Cousins can exert a strange fascination—a peer group more exotic than siblings, they’re a remote mirror for one’s own experience. Maryam is a story of cousinly love set against the backdrop of political insurgency. Ramin Serry’s sensitive and moving debut feature opens with archival footage of the shah of Iran, looking sleek and composed beside President Carter, and the revolutionary masses in Tehran, burning Uncle Sam in effigy.
“What did Iran have to do with me?” a girl named Maryam (Mariam Parris), asks in voice-over. She left the country as a baby with her parents, now comfortably assimilated immigrants living in safe, suburban New Jersey; her high school chums even call her “Mary.” But one day in 1979, her cousin, Ali (David Ackert), arrives from Tehran to stay with them while studying at the local university. As tensions between the U.S. and Iran mount, his fervent devotion to Islam and the Ayatollah Khomeini mix uneasily (and sometimes comically) with her own attempts to keep up a facade of carefree American teenagerdom.

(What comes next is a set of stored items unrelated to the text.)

Definition Fseq (R : realType) (d k : nat) (F : nat -> 'M[R]_d) (n : nat) : 'M[R]_d :=
  mxprod F (digits k n).

Definition bigO_mx (R : realType) (d : nat) (G : nat -> 'M[R]_d) (g : nat -> R) : Prop :=
  exists n0 : nat, exists2 c : R, 0 < c &
    forall n : nat, (n0 <= n)%N -> mxnorm (G n) <= c * g n.

From HB Require Import structures.
From mathcomp Require Import all_boot all_order all_algebra.
From mathcomp Require Import all_classical all_reals all_analysis.
From mathcomp Require Import zify ring lra.
Import Order.TTheory GRing.Theory Num.Theory.
Set Implicit Arguments. Unset Strict Implicit. Unset Printing Implicit Defensive.
Local Open Scope ring_scope.

(* Let T(s) be the largest norm of a product of s matrices from
   {F_1, ..., F_(k-1)}.  T is submultiplicative, so by Fekete's argument
   T(s)^(1/s) converges to its infimum, the joint spectral radius rho; hence
   rho < r forces T(s) = O(r^s), and T(s) = O(r^s) forces rho <= r.  Since
   F_0 = 0, F(n) is either 0 or one of the products counted by T(s), s being
   the number of base-k digits of n, and every such product is some F(n) with
   k^(s-1) <= n < k^s.  On that range n^(log_k r) is r^s up to a constant
   factor, so F(n) = O(n^(log_k r)) iff T(s) = O(r^s); take r = rho' k^eps. *)

Section Digits.
Local Open Scope nat_scope.
Variable k : nat.
Hypothesis k_gt1 : 1 < k.

Lemma digits_aux_fuel f g n : n <= f -> n <= g -> digits_aux k f n = digits_aux k g n.
Proof.
elim: f g n => [|f IH] g n; first by rewrite leqn0 => /eqP->; case: g.
case: g => [|g]; first by rewrite leqn0 => _ /eqP->.
move=> n_le_f n_le_g /=; case: eqP => // /eqP n_neq0.
have lt_n : n %/ k < n by rewrite ltn_Pdiv // lt0n.
by rewrite (IH g) // -ltnS (leq_trans lt_n).
Qed.

Lemma digitsE n : digits k n = if n == 0 then [::] else n %% k :: digits k (n %/ k).
Proof.
case: n => [|n] //; rewrite /digits /=; congr (_ :: _).
by apply: digits_aux_fuel => //; rewrite -ltnS ltn_Pdiv // ltnW.
Qed.

Lemma digits_lt n : all (fun c => c < k) (digits k n).
Proof.
elim/ltn_ind: n => n IH; rewrite digitsE; case: eqP => //= /eqP n_neq0.
by rewrite ltn_pmod ?(ltnW k_gt1) // IH // ltn_Pdiv // lt0n.
Qed.

Lemma digits_size n : 0 < n -> k ^ (size (digits k n)).-1 <= n < k ^ size (digits k n).
Proof.
elim/ltn_ind: n => n IH n_gt0; rewrite digitsE gtn_eqF //=.
have n_eq := divn_eq n k; have n_mod : n %% k < k by rewrite ltn_pmod // ltnW.
have [q0|q_gt0] := posnP (n %/ k).
  by move: n_eq; rewrite q0 digitsE /= expn1 n_gt0 mul0n add0n => ->.
have /andP[lo hi] := IH _ (ltn_Pdiv k_gt1 n_gt0) q_gt0.
have s_gt0 : 0 < size (digits k (n %/ k)) by rewrite digitsE gtn_eqF.
move: lo hi; rewrite -(prednK s_gt0) /= !expnS.
set K := k ^ _; set q := n %/ k in n_eq *; nia.
Qed.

Director Serry, an Iranian American who grew up in this country, said he made this intensely personal film in part to counter the general amnesia that has settled over the 1979 Iranian hostage crisis, a key event in American political and social life. It was a time of yellow ribbons, flag waving, and racial epithets hurled at dark-skinned people, an incendiary tangle of patriotism and warmongering. Sound familiar? Serry perfectly captures the peculiar climate, creating uncanny echoes with today’s situation. Persian stars Shaun Toub and Shohreh Aghdashloo are extremely convincing as Maryam’s parents, a couple caught between old-world elegance and the bliss of suburban forgetfulness.
Maryam’s schoolmates are mostly blond-and-blue-eyed caricatures—glib, breezy, and nasty—and the film’s final plot twists strain credibility. Parris and Ackert strike its deepest notes in exploring Ali and Maryam’s growing relationship: Separated by vast distances of geography, language, and culture, they’re bound by the half-truths and permanent misunderstandings that lie at the heart of family.